In contrast, a fixed 32-bit encoding like ARM Thumb-1 would require 4 bytes per instruction. So those same 80 instructions would take 320 bytes (80 x 4 bytes).
This demonstrates how the variable Thumb-2 encoding provides much better code density than a fixed-length 32-bit encoding, while still retaining the benefits of 32-bit instructions.
Code Density Optimization
There are several ways to optimize code density for Cortex-M0 programs:
- Use 16-bit Thumb instructions where possible
- Avoid unnecessary function calls and stack usage
- Use conditional execution instead of branching
- Inline small functions
- Use indexed addressing modes instead of stack allocated variables
- Use compiler optimizations focused on size reduction
With careful coding and compilation, it is possible to achieve 80% or higher 16-bit instruction density for Cortex-M0 programs. This results in very compact code that maximizes utilization of the limited program memory.
Performance Impact
The variable instruction length does not impact performance very much. Some key points:
- 16-bit and 32-bit instructions generally execute in the same number of cycles
- The Cortex-M0 pipeline fetches both 16-bit and 32-bit instructions equally efficiently
- Branch instructions take the same number of cycles whether 16-bit or 32-bit
- The mix of instructions has little effect on CPI (cycles per instruction)

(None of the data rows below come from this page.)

Lemma exchange_class_counts (a r : nat) (n t : 'I_r -> nat) (sg : 'I_r -> 'I_r) :
  injective sg -> r < a ->
  (forall rho, 0 < n rho -> n rho < t rho) ->
  (forall rho, n rho <= t (sg rho)) ->
  (forall rho, r * n rho + rho <= a + sg rho) ->
  (a + r) * \sum_(rho < r) n rho <= a * \sum_(rho < r) t rho.
Proof.
move=> sg_inj lt_ra Hsucc Hshift Hpot.
pose P rho := 0 < n rho.
have sum_sg (g : 'I_r -> nat) : \sum_(rho < r) g (sg rho) = \sum_(rho < r) g rho.
  by rewrite [RHS](reindex_inj sg_inj).
have Ht rho : P rho * (n rho).+1 + ~~ P (sg rho) * n rho <=
              P rho * t rho + ~~ P (sg rho) * t (sg rho).
  have := Hsucc rho; have := Hshift rho; rewrite /P.
  case: (posnP (n rho)) => [-> //|pos]; nia.
(* [P rho * rho] is a potential on the nonempty classes whose total is invariant
   under [sg]. *)
have Hw rho : (a + r) * n rho + P rho * rho <=
              a * (P rho * (n rho).+1 + ~~ P (sg rho) * n rho) + P (sg rho) * sg rho.
  have := Hpot rho; have := ltn_ord (sg rho); rewrite /P.
  case: (posnP (n rho)) => [-> //|pos]; case: (posnP (n (sg rho))) => _; nia.
have := leq_sum (index_enum _) (fun rho (_ : true) => Hw rho).
rewrite !big_split /= (sum_sg (fun rho => P rho * rho)) leq_add2r -!big_distrr /=.
move=> /leq_trans; apply.
rewrite leq_mul2l; apply/orP; right.
apply: leq_trans (leq_sum (index_enum _) (fun rho (_ : true) => Ht rho)) _.
rewrite big_split /= (sum_sg (fun rho => ~~ P rho * t rho)) -big_split /=.
by apply: leq_sum => rho _; case: (P rho); rewrite /= ?mul1n ?mul0n ?addn0.
Qed.

Section ThreeShifts.
Variables (a r : nat) (B : pred nat).
Hypotheses (r_gt0 : 0 < r) (lt_ra : r < a) (B_lt : forall x, B x -> x < a).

So maximizing 16-bit instructions to optimize code density does not significantly affect performance. The Cortex-M0 achieves good performance alongside excellent code density.
Conclusion
In summary, the Cortex-M0 uses a variable length Thumb-2 instruction set architecture. Most instructions are 16-bit for compact code, with 32-bit instructions available when needed. The typical instruction density is around 70% to 80% 16-bit instructions and 20% to 30% 32-bit instructions. This provides excellent code density without compromising performance.